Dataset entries
------------------------------------

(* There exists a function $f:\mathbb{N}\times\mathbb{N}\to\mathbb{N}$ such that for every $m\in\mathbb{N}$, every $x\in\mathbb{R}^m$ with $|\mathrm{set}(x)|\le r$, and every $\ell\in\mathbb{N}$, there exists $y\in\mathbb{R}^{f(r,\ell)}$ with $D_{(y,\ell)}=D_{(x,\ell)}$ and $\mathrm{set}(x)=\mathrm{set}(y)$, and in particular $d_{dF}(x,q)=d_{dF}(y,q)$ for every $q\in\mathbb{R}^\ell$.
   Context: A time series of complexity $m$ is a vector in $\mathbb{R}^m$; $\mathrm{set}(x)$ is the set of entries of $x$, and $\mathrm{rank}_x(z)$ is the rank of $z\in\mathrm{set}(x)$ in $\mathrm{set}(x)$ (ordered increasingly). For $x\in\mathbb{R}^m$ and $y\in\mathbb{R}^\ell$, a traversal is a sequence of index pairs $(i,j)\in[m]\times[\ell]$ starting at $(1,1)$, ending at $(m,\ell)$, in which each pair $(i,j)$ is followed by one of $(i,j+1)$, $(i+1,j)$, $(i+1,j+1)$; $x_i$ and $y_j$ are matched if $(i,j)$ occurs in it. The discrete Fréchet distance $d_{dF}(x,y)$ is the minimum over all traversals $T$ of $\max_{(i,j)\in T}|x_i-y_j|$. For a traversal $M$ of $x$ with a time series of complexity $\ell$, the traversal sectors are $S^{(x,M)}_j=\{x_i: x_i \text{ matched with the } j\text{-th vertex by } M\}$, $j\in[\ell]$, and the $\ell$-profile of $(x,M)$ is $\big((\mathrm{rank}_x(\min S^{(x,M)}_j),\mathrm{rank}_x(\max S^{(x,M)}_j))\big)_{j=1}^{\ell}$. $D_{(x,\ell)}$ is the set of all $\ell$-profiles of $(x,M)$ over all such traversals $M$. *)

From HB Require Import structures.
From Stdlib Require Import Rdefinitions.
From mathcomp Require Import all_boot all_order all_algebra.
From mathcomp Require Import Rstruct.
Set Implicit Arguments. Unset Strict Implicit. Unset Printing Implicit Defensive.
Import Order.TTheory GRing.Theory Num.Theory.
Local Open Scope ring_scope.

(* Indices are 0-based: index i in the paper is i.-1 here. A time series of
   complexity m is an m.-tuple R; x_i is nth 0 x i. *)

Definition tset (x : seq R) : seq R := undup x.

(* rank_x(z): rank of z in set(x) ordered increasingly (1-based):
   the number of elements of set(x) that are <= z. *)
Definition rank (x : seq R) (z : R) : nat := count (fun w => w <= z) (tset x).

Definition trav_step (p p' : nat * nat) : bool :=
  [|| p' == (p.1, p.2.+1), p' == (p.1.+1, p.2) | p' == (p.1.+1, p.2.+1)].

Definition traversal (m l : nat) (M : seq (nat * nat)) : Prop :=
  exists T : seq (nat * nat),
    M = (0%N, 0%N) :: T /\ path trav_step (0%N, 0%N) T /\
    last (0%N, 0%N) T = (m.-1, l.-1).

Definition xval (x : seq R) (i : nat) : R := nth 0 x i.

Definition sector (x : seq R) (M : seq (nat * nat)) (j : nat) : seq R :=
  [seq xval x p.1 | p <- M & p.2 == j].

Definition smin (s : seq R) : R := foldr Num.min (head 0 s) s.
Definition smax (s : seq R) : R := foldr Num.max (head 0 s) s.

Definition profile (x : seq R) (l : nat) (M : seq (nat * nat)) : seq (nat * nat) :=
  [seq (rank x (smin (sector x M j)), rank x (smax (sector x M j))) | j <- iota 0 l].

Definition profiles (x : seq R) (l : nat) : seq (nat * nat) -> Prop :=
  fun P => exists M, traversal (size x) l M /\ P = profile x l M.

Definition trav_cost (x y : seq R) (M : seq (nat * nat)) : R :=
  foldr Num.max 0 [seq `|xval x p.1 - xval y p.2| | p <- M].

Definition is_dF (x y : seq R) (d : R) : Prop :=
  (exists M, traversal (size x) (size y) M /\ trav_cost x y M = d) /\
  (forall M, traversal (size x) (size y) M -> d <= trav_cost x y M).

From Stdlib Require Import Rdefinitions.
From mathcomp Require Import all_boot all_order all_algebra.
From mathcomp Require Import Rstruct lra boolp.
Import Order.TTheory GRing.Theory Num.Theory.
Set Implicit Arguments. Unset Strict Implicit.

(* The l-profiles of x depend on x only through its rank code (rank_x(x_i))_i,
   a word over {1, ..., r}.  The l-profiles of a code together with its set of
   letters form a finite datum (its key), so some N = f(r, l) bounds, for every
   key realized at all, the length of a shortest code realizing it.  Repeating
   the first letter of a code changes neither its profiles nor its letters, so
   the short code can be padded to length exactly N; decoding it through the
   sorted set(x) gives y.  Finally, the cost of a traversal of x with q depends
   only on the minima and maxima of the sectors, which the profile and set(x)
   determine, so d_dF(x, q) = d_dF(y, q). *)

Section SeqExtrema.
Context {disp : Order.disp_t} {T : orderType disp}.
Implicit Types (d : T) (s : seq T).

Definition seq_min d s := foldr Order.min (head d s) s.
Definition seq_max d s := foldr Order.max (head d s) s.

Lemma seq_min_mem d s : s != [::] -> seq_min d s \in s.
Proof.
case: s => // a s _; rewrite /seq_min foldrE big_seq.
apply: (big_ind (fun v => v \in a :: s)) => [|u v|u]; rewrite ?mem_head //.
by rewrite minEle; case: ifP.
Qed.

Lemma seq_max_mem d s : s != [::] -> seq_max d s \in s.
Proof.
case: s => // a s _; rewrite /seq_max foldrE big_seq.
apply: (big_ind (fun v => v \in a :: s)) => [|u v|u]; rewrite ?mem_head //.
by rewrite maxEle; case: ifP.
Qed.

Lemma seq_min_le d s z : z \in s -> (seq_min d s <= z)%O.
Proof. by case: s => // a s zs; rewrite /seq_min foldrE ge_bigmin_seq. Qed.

------------------------------------

Activity:
Could every entry above be printed again, word for word?

Output of the task:
(* There exists a function $f:\mathbb{N}\times\mathbb{N}\to\mathbb{N}$ such that for every $m\in\mathbb{N}$, every $x\in\mathbb{R}^m$ with $|\mathrm{set}(x)|\le r$, and every $\ell\in\mathbb{N}$, there exists $y\in\mathbb{R}^{f(r,\ell)}$ with $D_{(y,\ell)}=D_{(x,\ell)}$ and $\mathrm{set}(x)=\mathrm{set}(y)$, and in particular $d_{dF}(x,q)=d_{dF}(y,q)$ for every $q\in\mathbb{R}^\ell$.
   Context: A time series of complexity $m$ is a vector in $\mathbb{R}^m$; $\mathrm{set}(x)$ is the set of entries of $x$, and $\mathrm{rank}_x(z)$ is the rank of $z\in\mathrm{set}(x)$ in $\mathrm{set}(x)$ (ordered increasingly). For $x\in\mathbb{R}^m$ and $y\in\mathbb{R}^\ell$, a traversal is a sequence of index pairs $(i,j)\in[m]\times[\ell]$ starting at $(1,1)$, ending at $(m,\ell)$, in which each pair $(i,j)$ is followed by one of $(i,j+1)$, $(i+1,j)$, $(i+1,j+1)$; $x_i$ and $y_j$ are matched if $(i,j)$ occurs in it. The discrete Fréchet distance $d_{dF}(x,y)$ is the minimum over all traversals $T$ of $\max_{(i,j)\in T}|x_i-y_j|$. For a traversal $M$ of $x$ with a time series of complexity $\ell$, the traversal sectors are $S^{(x,M)}_j=\{x_i: x_i \text{ matched with the } j\text{-th vertex by } M\}$, $j\in[\ell]$, and the $\ell$-profile of $(x,M)$ is $\big((\mathrm{rank}_x(\min S^{(x,M)}_j),\mathrm{rank}_x(\max S^{(x,M)}_j))\big)_{j=1}^{\ell}$. $D_{(x,\ell)}$ is the set of all $\ell$-profiles of $(x,M)$ over all such traversals $M$. *)

From HB Require Import structures.
From Stdlib Require Import Rdefinitions.
From mathcomp Require Import all_boot all_order all_algebra.
From mathcomp Require Import Rstruct.
Set Implicit Arguments. Unset Strict Implicit. Unset Printing Implicit Defensive.
Import Order.TTheory GRing.Theory Num.Theory.
Local Open Scope ring_scope.

(* Indices are 0-based: index i in the paper is i.-1 here. A time series of
   complexity m is an m.-tuple R; x_i is nth 0 x i. *)

Definition tset (x : seq R) : seq R := undup x.

(* rank_x(z): rank of z in set(x) ordered increasingly (1-based):
   the number of elements of set(x) that are <= z. *)
Definition rank (x : seq R) (z : R) : nat := count (fun w => w <= z) (tset x).

Definition trav_step (p p' : nat * nat) : bool :=
  [|| p' == (p.1, p.2.+1), p' == (p.1.+1, p.2) | p' == (p.1.+1, p.2.+1)].

Definition traversal (m l : nat) (M : seq (nat * nat)) : Prop :=
  exists T : seq (nat * nat),
    M = (0%N, 0%N) :: T /\ path trav_step (0%N, 0%N) T /\
    last (0%N, 0%N) T = (m.-1, l.-1).

Definition xval (x : seq R) (i : nat) : R := nth 0 x i.

Definition sector (x : seq R) (M : seq (nat * nat)) (j : nat) : seq R :=
  [seq xval x p.1 | p <- M & p.2 == j].

Definition smin (s : seq R) : R := foldr Num.min (head 0 s) s.
Definition smax (s : seq R) : R := foldr Num.max (head 0 s) s.

Definition profile (x : seq R) (l : nat) (M : seq (nat * nat)) : seq (nat * nat) :=
  [seq (rank x (smin (sector x M j)), rank x (smax (sector x M j))) | j <- iota 0 l].

Definition profiles (x : seq R) (l : nat) : seq (nat * nat) -> Prop :=
  fun P => exists M, traversal (size x) l M /\ P = profile x l M.

Definition trav_cost (x y : seq R) (M : seq (nat * nat)) : R :=
  foldr Num.max 0 [seq `|xval x p.1 - xval y p.2| | p <- M].

Definition is_dF (x y : seq R) (d : R) : Prop :=
  (exists M, traversal (size x) (size y) M /\ trav_cost x y M = d) /\
  (forall M, traversal (size x) (size y) M -> d <= trav_cost x y M).

From Stdlib Require Import Rdefinitions.
From mathcomp Require Import all_boot all_order all_algebra.
From mathcomp Require Import Rstruct lra boolp.
Import Order.TTheory GRing.Theory Num.Theory.
Set Implicit Arguments. Unset Strict Implicit.

(* The l-profiles of x depend on x only through its rank code (rank_x(x_i))_i,
   a word over {1, ..., r}.  The l-profiles of a code together with its set of
   letters form a finite datum (its key), so some N = f(r, l) bounds, for every
   key realized at all, the length of a shortest code realizing it.  Repeating
   the first letter of a code changes neither its profiles nor its letters, so
   the short code can be padded to length exactly N; decoding it through the
   sorted set(x) gives y.  Finally, the cost of a traversal of x with q depends
   only on the minima and maxima of the sectors, which the profile and set(x)
   determine, so d_dF(x, q) = d_dF(y, q). *)

Section SeqExtrema.
Context {disp : Order.disp_t} {T : orderType disp}.
Implicit Types (d : T) (s : seq T).

Definition seq_min d s := foldr Order.min (head d s) s.
Definition seq_max d s := foldr Order.max (head d s) s.

Lemma seq_min_mem d s : s != [::] -> seq_min d s \in s.
Proof.
case: s => // a s _; rewrite /seq_min foldrE big_seq.
apply: (big_ind (fun v => v \in a :: s)) => [|u v|u]; rewrite ?mem_head //.
by rewrite minEle; case: ifP.
Qed.

Lemma seq_max_mem d s : s != [::] -> seq_max d s \in s.
Proof.
case: s => // a s _; rewrite /seq_max foldrE big_seq.
apply: (big_ind (fun v => v \in a :: s)) => [|u v|u]; rewrite ?mem_head //.
by rewrite maxEle; case: ifP.
Qed.

Lemma seq_min_le d s z : z \in s -> (seq_min d s <= z)%O.
Proof. by case: s => // a s zs; rewrite /seq_min foldrE ge_bigmin_seq. Qed.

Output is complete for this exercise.